Man with the healing hands part of a broader plan
Note: This Grounds for Insanity column was published in the 10/01/12 edition of The Goshen News.
It had come several weeks ago, slipped into the box with the rest of the day’s mail. I’d given it a cursory glance before setting it aside. I found it again on Saturday last.
The square, cream-colored envelope was addressed to Little Schrock. Running a finger beneath the flap, I drew out the card that rested within. “Memorial Children’s Hospital,” it said on the front.
Across the bottom, a row of hand-drawn babies formed a charming border. It was the row of faces at the top of the card, though, that caught my eye. In particular, the one in the middle…
Looking at those kind eyes twinkling, white teeth gleaming in a face the color of midnight, it came. Feet rooted before the kitchen counter, throat closing tight, tears pricking, I remembered this man with the healing hands. And just like that, I was there again.
It was a Sunday night in June. Given my history, I’d known it was likely, but if we could just hold on a little bit longer, it would be so much better. That’s what I was hoping and praying, but it was not to be.
Seeing the clear signs of labor, I’d called ahead. “You’re 35 weeks?” she said. “I’m going to have a physician here just in case.” Then, in the wee hours of the morning as his brothers slept in a waiting room nearby, our “gift unexpected” was born.
What a journey it had been. Looking at his face; admiring his cap of dark hair; smiling, tearful, over that trademark double crown, there were no words. None to express, to frame in syllables and phrases what we felt. What we knew.
How this one, not planned by us, had been planned by God from the foundations of the earth. How this, our holy interruption, had been made for a purpose. That God had picked the who and when, and that whatever He did, it was good.
All of this we felt, but could not say that night in June as they whisked him away. And then the doctor returned, face grave, and said terror words that fell, hammer like, on ears exhausted and troubled hearts, “He’s struggling to breathe. There’s not much we can do. We’re calling them in.”
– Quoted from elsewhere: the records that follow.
(* Let $\Omega$ be an infinite set and $A_i\subseteq\Omega$ for $i\in\mathbb{N}$. Define: $\mathcal{F}$ the set of nonempty finite subsets of $\mathbb{N}$, $\tilde{\mathcal{F}}:=\mathcal{F}\cup\{\emptyset\}$, and for $j\in\mathbb{Z}_+$, $\mathcal{F}_j$ the set of subsets of $\mathbb{N}$ of cardinality $j$; $B_\emptyset:=\Omega\setminus\bigcup_{i\in\mathbb{N}}A_i$; $B_\infty:=\limsup A_i=\bigcap_{i\in\mathbb{N}}\bigcup_{j\ge i}A_j$; for $U\in\mathcal{F}$, $A_U:=\bigcap_{i\in U}A_i$, $B_U:=A_U\setminus\bigcup_{i\in\mathbb{N}\setminus U}A_{U\cup\{i\}}$ (the points lying in $A_i$ exactly for $i\in U$), and $A'_U:=A_U\setminus B_\infty$. Then: (1) the sets $B_\infty$ and $B_U$, $U\in\tilde{\mathcal{F}}$, form a countable partition of $\Omega$; (2) $\bigcup_{i\in\mathbb{N}}A_i=B_\infty\cup\bigcup_{U\in\mathcal{F}}B_U$; (3) $A_U=A'_U\cup(A_U\cap B_\infty)$ for $U\in\mathcal{F}$. Assume in addition that $(\Omega,\Sigma,\Pr)$ is a probability space and $A_i\in\Sigma$ for all $i$, and let $S_k:=\sum_{1\le i_1<\cdots<i_k}\Pr(A_{i_1}\cap\cdots\cap A_{i_k})\in[0,\infty]$ for $k\in\mathbb{N}$ and $T_j:=\sum_{U\in\mathcal{F}_j}\Pr(B_U)$ for $j\in\mathbb{Z}_+$. Then: (4) if $S_k<\infty$ for some $k\in\mathbb{N}$, then $\Pr(B_\infty)=0$; (5) $\sum_{j\in\mathbb{Z}_+}T_j\le1$, with equality if and only if $\Pr(B_\infty)=0$; (6) if $\Pr(B_\infty)=0$, then $S_k=\sum_{j\in\mathbb{Z}_+}\binom{j+k}{k}T_{j+k}\in[0,\infty]$ for each $k\in\mathbb{N}$ (in the generalized sense: $S_k=\infty$ iff the series diverges); (7) if $S_l<\infty$ for some $l\in\mathbb{N}$, then $S_k<\infty$ for every positive integer $k<l$; and if furthermore $d,r\in\mathbb{Z}_+$ and $k\in\mathbb{N}$ satisfy $2d+k+1\in[1,l]$ and $2r+k\in[1,l]$, then $$\sum_{j=0}^{2d+1}(-1)^j\binom{j+k-1}{k-1}S_{j+k}\le\Pr\Big(\bigcup_{i_1<\cdots<i_k}(A_{i_1}\cap\cdots\cap A_{i_k})\Big)\le\sum_{j=0}^{2r}(-1)^j\binom{j+k-1}{k-1}S_{j+k}.$$
   Context: $\mathbb{N}$ denotes the positive integers and $\mathbb{Z}_+$ the nonnegative integers; $\mathcal{F}_0=\{\emptyset\}$ and $B_\emptyset$ is as defined. *)

From HB Require Import structures.
From mathcomp Require Import all_boot all_order all_algebra.
From mathcomp Require Import finmap.
From mathcomp Require Import all_classical all_reals all_analysis.
Set Implicit Arguments. Unset Strict Implicit. Unset Printing Implicit Defensive.
Import Order.TTheory GRing.Theory Num.Theory.
Local Open Scope classical_set_scope.

(* Indices: the paper's ℕ = {1,2,...} is relabelled as nat = {0,1,2,...}
   (i |-> i-1); finite subsets of the index set are {fset nat}. *)

Section Defs.
Context {Omega : Type} (A : nat -> set Omega).

Definition Bempty : set Omega := ~` \bigcup_i A i.

Definition Binf : set Omega := \bigcap_i \bigcup_(j in [set j | (i <= j)%N]) A j.

Definition AU (U : {fset nat}) : set Omega := \bigcap_(i in [set i | i \in U]) A i.

Definition BU (U : {fset nat}) : set Omega :=
  if U == fset0 then Bempty
  else AU U `\` \bigcup_(i in [set i | i \notin U]) AU (fsetU U [fset i]%fset).

Definition AU' (U : {fset nat}) : set Omega := AU U `\` Binf.

Definition Bfam (o : option {fset nat}) : set Omega :=
  match o with None => Binf | Some U => BU U end.
End Defs.

Section Prob.
Context {d : measure_display} {T : measurableType d} {R : realType}
  (P : probability T R) (A : nat -> set T).
Local Open Scope ereal_scope.

Definition Ssum (k : nat) : \bar R :=
  esum [set U : {fset nat} | #|` U| = k] (fun U => P (AU A U)).

Definition Tsum (j : nat) : \bar R :=
  esum [set U : {fset nat} | #|` U| = j] (fun U => P (BU A U)).
End Prob.

From HB Require Import structures.
From mathcomp Require Import all_boot all_order all_algebra.
From mathcomp Require Import finmap.
From mathcomp Require Import all_classical all_reals all_analysis.
From mathcomp Require Import zify ring lra.
Import Order.TTheory GRing.Theory Num.Theory.

(* Outside [B_inf] a point lies in only finitely many [A_i], hence in exactly
   one [B_U], namely for [U] the set of indices it hits.  So [A_U \ B_inf] is
   the disjoint union of the [B_V] with [U <= V], and a point of [B_V] is
   counted [C(|V|, k)] times in [S_k]: when [Pr(B_inf) = 0] this gives
   [S_k = sum_V C(|V|, k) Pr(B_V)].  A point of [B_inf] lies in [A_U] for
   k-sets [U] beyond any finite family, so [Pr(B_inf)] is added to every finite
   partial sum of [S_k], which forces [Pr(B_inf) = 0] when [S_k] is finite.
   The Bonferroni inequalities then reduce to a point lying in exactly [m] of
   the [A_i]: the partial sums of [sum_j (-1)^j C(j+k-1, k-1) C(m, j+k)]
   alternate around [m >= k], the remainder telescoping by the hockey-stick
   identity. *)

Set Implicit Arguments. Unset Strict Implicit. Unset Printing Implicit Defensive.

Lemma sum_bin_nat m j : \sum_(0 <= i < m) 'C(i, j) = 'C(m, j.+1).
Proof.
elim: m => [|m IH]; first by rewrite big_geq.
by rewrite big_nat_recr //= IH binS addnC.
Qed.
Lemma ext_fun_le e v w : dominated e -> ~ fst e v -> ext_dom e v w -> ext_fun e v w <= p w.
Proof.
  intros He Hv (x & a & Hx & ->). pose proof He as [[_ [_ Dscal]] [[_ Lscal] [Lp _]]].
  destruct p_sublinear as [_ p_scal].
  destruct (ext_const_spec e v He) as [C1 C2]. rewrite ext_fun_spec by auto.
  destruct (Rtotal_order a 0) as [Hneg | [-> | Hpos]].
  - assert (E : vadd x (vscal a v) = vscal (- a) (vadd (vscal (/ - a) x) (vscal (-1) v))).
    { rewrite vscal_distr_l, !vscal_assoc, Rinv_r by lra.
      rewrite vscal_one. do 3 f_equal. ring. }
    rewrite E, p_scal by lra.
    specialize (C2 (vscal (/ - a) x) (Dscal _ _ Hx)). rewrite Lscal in C2 by auto.
    replace (snd e x + a * ext_const e v) with (- a * (/ - a * snd e x - ext_const e v))
      by (field; lra).
    apply Rmult_le_compat_l; lra.
  - rewrite vscal0l, vadd0r, Rmult_0_l, Rplus_0_r. auto.
  - assert (E : vadd x (vscal a v) = vscal a (vadd (vscal (/ a) x) v)).
    { rewrite vscal_distr_l, !vscal_assoc, Rinv_r by lra. rewrite vscal_one. reflexivity. }
    rewrite E, p_scal by lra.
    specialize (C1 (vscal (/ a) x) (Dscal _ _ Hx)). rewrite Lscal in C1 by auto.
    replace (snd e x + a * ext_const e v) with (a * (/ a * snd e x + ext_const e v))
      by (field; lra).
    apply Rmult_le_compat_l; lra.
Qed.

Lemma ext_dominated e v : dominated e -> ~ fst e v -> dominated (ext_dom e v, ext_fun e v).
Proof.
  intros He Hv. pose proof He as [[D0 [Dadd Dscal]] [[Ladd Lscal] _]].
  assert (Ssum : forall x1 x2 a1 a2, vadd (vadd x1 (vscal a1 v)) (vadd x2 (vscal a2 v))
                   = vadd (vadd x1 x2) (vscal (a1 + a2) v))
    by (intros; rewrite vaddACA, vscal_distr_r; reflexivity).
  assert (Sscal : forall b x a, vscal b (vadd x (vscal a v)) = vadd (vscal b x) (vscal (b * a) v))
    by (intros; rewrite vscal_distr_l, vscal_assoc; reflexivity).
  split; [|split; [|split]]; simpl.
  - split; [|split].
    + exists v0, 0. rewrite vscal0l, vadd0r. auto.
    + intros w1 w2 (x1 & a1 & H1 & ->) (x2 & a2 & H2 & ->).
      exists (vadd x1 x2), (a1 + a2). auto.
    + intros b w (x & a & H1 & ->). exists (vscal b x), (b * a). auto.
  - split.
    + intros w1 w2 (x1 & a1 & H1 & ->) (x2 & a2 & H2 & ->).
      rewrite Ssum, !ext_fun_spec, Ladd by auto. ring.
    + intros b w (x & a & H1 & ->). rewrite Sscal, !ext_fun_spec, Lscal by auto. ring.
  - intros w Hw. apply ext_fun_le; auto.
  - intros w Hw. unfold ext_fun. destruct (excluded_middle_informative _); [contradiction | auto].
Qed.

Lemma ext_extends e v : dominated e -> ~ fst e v ->
  pfun_le e (ext_dom e v, ext_fun e v) /\ ext_dom e v v.
Proof.
  intros He Hv. pose proof He as [[D0 _] _].
  assert (Hx0 : forall x, vadd x (vscal 0 v) = x) by (intros; rewrite vscal0l, vadd0r; auto).
  split; [split|]; simpl.
  - intros x Hx. exists x, 0. rewrite Hx0. auto.
  - intros x Hx. rewrite <- (Hx0 x) at 1. rewrite ext_fun_spec by auto. ring.
  - exists v0, 1. rewrite vscal_one, vadd_zero. auto.
Qed.

Definition ext_step (e : pfun) : pfun :=
  let v := epsilon (inhabits v0) (fun v => ~ fst e v) in
  if excluded_middle_informative (fst e v) then e else (ext_dom e v, ext_fun e v).

Definition chain_sup_dom (C : pfun -> Prop) : V -> Prop := fun w => exists e, C e /\ fst e w.

Definition chain_sup_fun (C : pfun -> Prop) : V -> R := fun w =>
  if excluded_middle_informative (chain_sup_dom C w) then
    epsilon (inhabits 0) (fun r => exists e, C e /\ fst e w /\ r = snd e w)
  else 0.

Definition chain_sup C : pfun := (chain_sup_dom C, chain_sup_fun C).

Lemma chain_sup_fun_spec C e w : chain pfun_le C -> C e -> fst e w -> chain_sup_fun C w = snd e w.
Proof.
  intros Hc He Hw. unfold chain_sup_fun.
  destruct (excluded_middle_informative _) as [H|H]; [|exfalso; apply H; exists e; auto].
  match goal with |- epsilon ?i ?P = _ =>
    assert (Hex : exists r, P r) by (exists (snd e w); exists e; auto);
    destruct (epsilon_spec i P Hex) as (e1 & He1 & Hw1 & ->) end.
  destruct (Hc e e1 He He1) as [[_ L] | [_ L]]; auto. symmetry; auto.
Qed.

Lemma chain_common C e1 e2 w1 w2 : chain pfun_le C -> C e1 -> C e2 -> fst e1 w1 -> fst e2 w2 ->
  exists e, C e /\ fst e w1 /\ fst e w2.
Proof.
  intros Hc H1 H2 Hw1 Hw2. destruct (Hc e1 e2 H1 H2) as [[L _] | [L _]].
  - exists e2; auto.
  - exists e1; auto.
Qed.

Lemma chain_sup_dominated C : (forall e, C e -> dominated e) -> chain pfun_le C ->
  (exists e, C e) -> dominated (chain_sup C).
Proof.
  intros HP Hc [e0 He0]. unfold chain_sup. split; [|split; [|split]]; simpl.
  - split; [|split].
    + exists e0. split; auto. apply (HP e0 He0).
    + intros w1 w2 (e1 & H1 & Hw1) (e2 & H2 & Hw2).
      destruct (chain_common C e1 e2 w1 w2 Hc H1 H2 Hw1 Hw2) as (e & He & A & B).
      exists e. split; auto. apply (HP e He); auto.
    + intros a w (e & He & Hw). exists e. split; auto. apply (HP e He); auto.
  - split.
    + intros w1 w2 (e1 & H1 & Hw1) (e2 & H2 & Hw2).
      destruct (chain_common C e1 e2 w1 w2 Hc H1 H2 Hw1 Hw2) as (e & He & A & B).
      destruct (HP e He) as [[_ [Da _]] [[La _] _]].
      rewrite !(chain_sup_fun_spec C e) by auto. apply La; auto.
    + intros a w (e & He & Hw). destruct (HP e He) as [[_ [_ Ds]] [[_ Ls] _]].
      rewrite !(chain_sup_fun_spec C e) by auto. apply Ls; auto.
  - intros w (e & He & Hw). rewrite (chain_sup_fun_spec C e) by auto. apply (HP e He); auto.
  - intros w Hw. unfold chain_sup_fun.
    destruct (excluded_middle_informative _); [contradiction|auto].
Qed.

Lemma pfun_le_antisym e1 e2 : dominated e1 -> dominated e2 -> pfun_le e1 e2 -> pfun_le e2 e1 ->
  e1 = e2.
Proof.
  destruct e1 as [D1 g1], e2 as [D2 g2].
  intros [_ [_ [_ Z1]]] [_ [_ [_ Z2]]] [A1 B1] [A2 B2]. simpl in *.
  assert (ED : D1 = D2).
  { apply functional_extensionality. intros w. apply propositional_extensionality. split; auto. }
  subst D2. f_equal. apply functional_extensionality. intros w.
  destruct (classic (D1 w)); [apply B2 | rewrite Z1, Z2]; auto.
Qed.

Lemma ext_step_dominated e : dominated e -> dominated (ext_step e) /\ pfun_le e (ext_step e).
Proof.
  intros He. unfold ext_step. destruct (excluded_middle_informative _).
  - split; [|split]; auto.
  - split; [apply ext_dominated | apply ext_extends]; auto.
Qed.

Lemma ext_step_fixpoint_total m : dominated m -> pfun_le (ext_step m) m -> forall w, fst m w.
Proof.
  intros Hm [L _] w. apply NNPP. intros Hw.
  assert (Hv : ~ fst m (epsilon (inhabits v0) (fun v => ~ fst m v)))
    by (apply (epsilon_spec (inhabits v0) (fun v => ~ fst m v)); exists w; auto).
  unfold ext_step in L. destruct (excluded_middle_informative _); [contradiction|].
  apply Hv, L, (ext_extends m _ Hm Hv).
Qed.

Theorem hahn_banach : exists F : V -> R, (forall x y, F (vadd x y) = F x + F y) /\
  (forall a x, F (vscal a x) = a * F x) /\ (forall x, F x <= p x).
Proof.
  pose (b := ((fun w : V => w = v0), (fun _ : V => 0)) : pfun).
  destruct (bourbaki_witt pfun pfun_le dominated b ext_step chain_sup) as [m [Hm Hle]].
  - intros x _. split; auto.
  - intros x y z [A1 B1] [A2 B2]. split; auto. intros w Hw. rewrite B2; auto.
  - apply pfun_le_antisym.
  - split; [|split; [|split]]; simpl.
    + split; [auto|split].
      * intros x y -> ->. apply vadd_zero.
      * intros a x ->. apply vscal0r.
    + split; intros; simpl; ring.
    + intros x ->. rewrite (sublinear0 V p p_sublinear). lra.
    + auto.
  - apply ext_step_dominated.
  - apply ext_step_dominated.
  - apply chain_sup_dominated.
  - intros C HP Hc Hne x Hx. split; simpl.
    + intros w Hw. exists x; auto.
    + intros w Hw. apply chain_sup_fun_spec; auto.
  - intros C u HP Hc Hne Hu Hub. split; simpl.
    + intros w (e & He & Hw). apply (Hub e He); auto.
    + intros w (e & He & Hw). rewrite (chain_sup_fun_spec C e) by auto. apply (Hub e He); auto.
  - pose proof (ext_step_fixpoint_total m Hm Hle) as Hall.
    destruct Hm as [_ [[La Ls] [Lp _]]].
    exists (snd m). split; [|split]; intros; auto.
Qed.
End HahnBanach.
To this day, I hate the sound of the “singing.” That’s what they called it, those medical folks, as Baby Boy struggled to breathe. I can almost hear it, him laboring hard in the oxygen hood. Can see chest caving in, lungs overworked. Can see his brothers, all sleepy, gathered round, touching limbs of this babe in distress.
Standing in the kitchen, my body is there. But my heart, it’s in a wheelchair again in a nursery that night, watching over the infant in the isolette. It’s beating, throbbing tears on the side of a bed as they wheel him in for one last look.
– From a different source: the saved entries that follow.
Lemma guarded_swap_shift (g : bool) F a b p : (p == a -> g) -> (p == b -> g) ->
  (if g then swap_shift F a b p else 0) = swap_shift F a b p.
Proof.
by case: g => // pa pb; rewrite swap_shift_out //; apply/negP; [move/pa | move/pb].
Qed.

Lemma index_swap_cat s1 s2 a b p : p != a -> p != b ->
  index p (s1 ++ b :: a :: s2) = index p (s1 ++ a :: b :: s2).
Proof. by rewrite !index_cat /= ![_ == p]eq_sym => /negbTE -> /negbTE ->. Qed.

Lemma prefix_sum_swap_cat F s1 s2 a b p : uniq (s1 ++ a :: b :: s2) -> p \in s1 ++ a :: b :: s2 ->
  prefix_sum F (s1 ++ b :: a :: s2) p = prefix_sum F (s1 ++ a :: b :: s2) p + swap_shift F a b p.
Proof.
rewrite cat_uniq => /and3P [_ /hasPn notin1]; rewrite !cons_uniq in_cons negb_or.
case/and3P => /andP [ab a2] b2 _.
have [a1 b1] : a \notin s1 /\ b \notin s1 by split; apply: notin1; rewrite !inE eqxx ?orbT.
rewrite /prefix_sum !index_cat mem_cat; case: ifP => [p1 _ | _ /= p2].
  rewrite swap_shift_out ?addr0 ?takel_cat ?index_size //.
    by apply: contraTneq p1 => ->.
  by apply: contraTneq p1 => ->.
rewrite !take_cat !ltnNge !leq_addr /= !addKn !big_cat -addrA /=; congr (_ + _).
rewrite /swap_shift; move: p2; rewrite !inE => /or3P [/eqP-> | /eqP-> | p2].
- by rewrite !eqxx [b == a]eq_sym (negbTE ab) /= ?big_seq1 ?big_nil ?subr0 ?add0r.
- by rewrite !eqxx [b == a]eq_sym (negbTE ab) /= ?big_seq1 ?big_nil ?sub0r ?add0r ?addrN.
have [pa pb] : a != p /\ b != p by split; apply: contraTneq p2 => <-.
rewrite (negbTE pa) (negbTE pb) eq_sym (negbTE pa) eq_sym (negbTE pb) /=.
by rewrite !big_cons subr0 addr0 addrCA.
Qed.

Lemma swp_consec s k a b : uniq s -> consec s k a b ->
  [/\ perm_eq (swp s k) s,
      forall p, p != a -> p != b -> index p (swp s k) = index p s &
      forall F p, p \in s -> prefix_sum F (swp s k) p = prefix_sum F s p + swap_shift F a b p].
Proof.
move=> us [sa sb ia ib]; have kb : (k.+1 < size s)%N by rewrite -ib index_mem.
have na : nth (0%N, false) s k = a by rewrite -ia nth_index.
have nb : nth (0%N, false) s k.+1 = b by rewrite -ib nth_index.
have sE : s = take k s ++ a :: b :: drop k.+2 s.
  rewrite -{1}(cat_take_drop k s) (drop_nth (0%N, false)) ?(ltnW kb) // na.
  by rewrite (drop_nth (0%N, false)) ?nb.
have -> : swp s k = take k s ++ b :: a :: drop k.+2 s by rewrite /swp na nb.
move: (take k s) (drop k.+2 s) sE => s1 s2 ->{sa sb ia ib kb na nb} in us *.
split => [|p|F p]; first by rewrite perm_cat2l (perm_catCA [:: b] [:: a]).
  exact: index_swap_cat.
exact: prefix_sum_swap_cat.
Qed.

Lemma swp_if_consec s (g : bool) k a b : uniq s -> (g -> consec s k a b) ->
  [/\ perm_eq (swp_if g k s) s,
      forall p, p != a -> p != b -> index p (swp_if g k s) = index p s &
      forall F p, p \in s -> prefix_sum F (swp_if g k s) p
                           = prefix_sum F s p + (if g then swap_shift F a b p else 0)].
Proof.
case: g => /= us; first by move/(_ isT); apply: swp_consec.
by move=> _; split => // F p _; rewrite addr0.
Qed.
My mind’s awhirl, remembering. How the sleep, it was fitful. How the fear, it pressed hard. How the phone, it rang loud by the side of the bed, and the man with the healing hands, he was speaking to me.
It was Dr. Okanlami, neonatologist, calling with an update. There was kindness in his voice and compassion for a weepy, fearful mother whose heart he now held in his capable hands, all tethered to wires and tubes.
For 11 days, this gentle, talented man and his staff cared for our child. With tenderness and skill, they nursed him to health, aided by the prayers of those who were pulling for the dark-haired infant on the end of the row, the kid with the double crown.
In remembering Little’s story today, I’m struck by three things. The first one is this – I don’t know why God does what He does. Why some stories end happy and others, they’re sad. Like the infant, for instance, who’d had two strokes in utero. I remember the mother love that hooked a bag of impossibly small, unbearably cute clothes on her son’s isolette. I wonder, as I remember, if her boy’s still alive.
While mine is running and swinging (“Look, Mama, I can pump!”), I doubt that hers is walking. As mine sings songs and counts to “firty,” many others aren’t speaking. I cannot explain it.
I only know this, that God can be trusted. That He writes our stories. This, today, I remember.
The second thing that strikes me is that His timing is right. For although our son arrived early, he came right on time.
I will never forget the midwife’s exclamation, “There’s a knot in his cord!” Even now, I marvel at the meticulous providence of a God who knew just when to send Baby Schrock. Who knew that sometimes, early is exactly on time. Who had it in hand all along.
Lastly, as I look at Dr. Okanlami’s face and recall the role he played in our lives, I’m reminded that we’ve all been born with a part to play. Physician or farmer, builder or baker, we all make a difference. We all need each other. We all can give something.
Rhonda and her husband are planning to take Little Schrock to the Memorial Hospital NICU alumni reunion. There, he will meet the doctor whose hands changed his life, and they will say “thank you” once more.